It’s like if someone says, what do you do for a living, I now answer, “I’m a sleep consultant.” I don’t say, “I own a sleep consulting agency, or I work in sleep consulting.” I say, “I am a sleep consultant.” Our identity is so enmeshed with our work that if one is suffering, they both are.

There was really this aha moment for me when I realized that the cost of my nine-to-five had basically become my self-concept and my self-worth. This career that I never ever imagined leaving and which used to bring me so much joy and fulfillment just wasn’t doing it anymore. It was depleting me. So, I had to make room for something new, and take a big leap. Not only to feel good about what I was doing, but to feel good about who I was as a human being.

So, I pulled back substantially from my nine-to-five. I stopped working the extra hours in the evenings that I had been, and took that time to put into my business and my family. I found that the harder I worked on my business, the better I felt about myself. I was able to show up as a better parent and a better partner physically and emotionally.

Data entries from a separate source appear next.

Lemma flag_upper_edges_separated n v E i j k s t : is_flag n v E ->
  (1 <= i)%nat -> (i < j)%nat -> (j < k)%nat -> (k < s)%nat -> (s < t)%nat -> (t <= n)%nat ->
  below_all (E j k) (E i j) -> pt_below (v s) (E j k) -> pt_below (v t) (E j k) ->
  disjoint_curves (E s t) (E i j) /\ related_curves (E s t) (E i j).
Proof.
  intros Fl Hi Hij Hjk Hks Hst Htn Bjk [ws [Hws [Fs Ls]]] [wt [Hwt [Ft Lt]]].
  destruct (flag_edge_graph n v E Fl s t ltac:(unfold is_edge; lia)) as [zst [Gst Yst]].
  destruct (flag_edge_graph n v E Fl j k ltac:(unfold is_edge; lia)) as [zjk [Gjk Yjk]].
  destruct (flag_edge_graph n v E Fl i j ltac:(unfold is_edge; lia)) as [zij [Gij Yij]].
  destruct (flag_edge_graph n v E Fl k s ltac:(unfold is_edge; lia)) as [zks [Gks Yks]].
  destruct (x_order n v E i j k s t Fl Hi Hij Hjk Hks Hst Htn) as (? & ? & ? & ? & ? & ?).
  rewrite <- (frac_part_small (fst (v s))) in Fs by lra.
  rewrite <- (frac_part_small (fst (v t))) in Ft by lra.
  rewrite <- (height_at_line _ _ _ _ (fst (v s)) ws Gjk ltac:(lra) ltac:(lra) Hws Fs) in Ls.
  rewrite <- (height_at_line _ _ _ _ (fst (v t)) wt Gjk ltac:(lra) ltac:(lra) Hwt Ft) in Lt.
  exact (st_ij_separated n v E i j k s t zst zjk zij zks Fl Hi Hij Hjk Hks Hst Htn
           Gst Gjk Gij Gks Yst Yjk Yij Yks
           (fun X HX => below_all_height _ _ _ _ _ _ _ _ X Gjk Gij Bjk ltac:(lra) ltac:(lra))
           Ls Lt).
Qed.

(** * Mirror symmetry *)

Definition mirror (p : pt) : pt := (fst p, - snd p).
Definition mirror_curve (e : curve) : curve := fun s => mirror (e s).
Lemma sqr_normr_inner_le a b : `|inner a b| ^+ 2 <= sqnorm a * sqnorm b.
Proof.
move: (normr_inner_le a b).
rewrite -ler_sqr ?nnegrE ?normr_ge0 ?mulr_ge0 ?sqrtC_ge0 ?sqnorm_ge0 //.
by rewrite exprMn !sqrtCK.
Qed.

Lemma sqr_normr_sum_le (A : {pred T}) F :
  `|\sum_(i in A) F i| ^+ 2 <= #|A|%:R * \sum_(i in A) `|F i| ^+ 2.
Proof.
pose FA i := if i \in A then F i else 0; pose oneA i : C := if i \in A then 1 else 0.
have -> : \sum_(i in A) F i = inner FA oneA.
  rewrite big_mkcond; apply: eq_bigr => i _.
  by rewrite /FA /oneA; case: (i \in A); rewrite ?rmorph1 ?mulr1 ?mul0r.
have -> : \sum_(i in A) `|F i| ^+ 2 = sqnorm FA.
  rewrite big_mkcond; apply: eq_bigr => i _.
  by rewrite /FA; case: (i \in A); rewrite ?normr0 ?expr0n.
have -> : #|A|%:R = sqnorm oneA.
  rewrite -sum1_card natr_sum big_mkcond; apply: eq_bigr => i _.
  by rewrite /oneA; case: (i \in A); rewrite ?normr1 ?expr1n ?normr0 ?expr0n.
by rewrite mulrC sqr_normr_inner_le.
Qed.

Lemma sqr_normr_sum F : `|\sum_x F x| ^+ 2 = \sum_x \sum_y F x * (F y)^*.
Proof.
rewrite normCK rmorph_sum mulr_suml; apply: eq_bigr => x _.
by rewrite mulr_sumr.
Qed.

Lemma sqnorm_sub_mean F (m : C) : #|T|%:R * m = \sum_x F x ->
  sqnorm (fun x => F x - m) = sqnorm F - #|T|%:R * `|m| ^+ 2.
Proof.
move=> hm; rewrite /sqnorm.
under eq_bigr do rewrite normCK rmorphB /= mulrBl !mulrBr.
rewrite !sumrB -!mulr_suml -!mulr_sumr -rmorph_sum -hm.
under [in \sum_x `|F x| ^+ 2]eq_bigr do rewrite normCK.
rewrite sumr_const normCK rmorphM /= conjC_nat -[m *+ _]mulr_natl.
by rewrite [m * (_ * _)]mulrCA !mulrA [X in _ - X]subrr subr0.
Qed.

End FunctionSpace.

Lemma sqr_normrD_le (C : numClosedFieldType) (p q : C) :
  `|p + q| ^+ 2 <= 2%:R * (`|p| ^+ 2 + `|q| ^+ 2).
Proof.
have := sqr_normr_sum_le predT (fun i : bool => if i then p else q).
by rewrite !big_mkcond /= !big_bool /= cardT enumT unlock.
Qed.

I felt so fulfilled by those things. I stopped feeling guilty about working on my own business during the nine-to-five hours. It’s not the best corporate example. But it is what it is.

Jayne Havens: You were ‘quiet quitting.’ Right?

Liza Montanino: It was.

Jayne Havens: Isn’t that what you call it now? You were ‘quiet quitting.’

Liza Montanino: Totally. Yeah, my husband and I just agreed that we would have to make some major sacrifices to make this work. We gave up our childcare. We have no childcare anymore. But it has given me the space to work towards something that we all knew would be better for our family in the long run.

Jayne Havens: So let’s talk about that, giving up childcare piece. One thing I wanted to ask you, anyway, is how were you juggling — which you just sort of talked about — your full-time job, growing a business, managing your kids.

Okay. You sort of gave us a picture of what that looked like. But what about once you decided to go all in on your business, and you made that sacrifice to give up child care? What does that look like to grow a business that you want to be like a full-time business with a full-time income, when you don’t have so much help with your kids?

Liza Montanino: It looks like a lot of blocking out time on my calendar, and managing myself in a new way. I had never been someone who really blocked out hour by hour of how I was going to delegate my time to certain tasks. But I’ve been doing that now, and I find that works really, really well.

So, I have set hours that I’m open for calls. I will look at every day and block out my day into the few main to-do items that I need to get done. Then I will steal time here and there when I’m with my kids, if I’m driving them to an activity. I’ll park the car, and maybe I’ll answer some texts while they go into their activity for a little bit.

It has definitely divided my day very differently. I have the morning, which is my time for all of my work. Then in the afternoon, I feel like I’m an Uber driver. I’m constantly taking my son to his therapies. I’m taking my daughter to her activities.

So, I’m carving out time in between things in the afternoon when I can, but I also like that I’m doing it for me. I don’t mind having to reply to an email because it’s a client that I know I’m helping by. It’s so rewarding, because — it’s just so rewarding. I can’t even say it in any other broader terms.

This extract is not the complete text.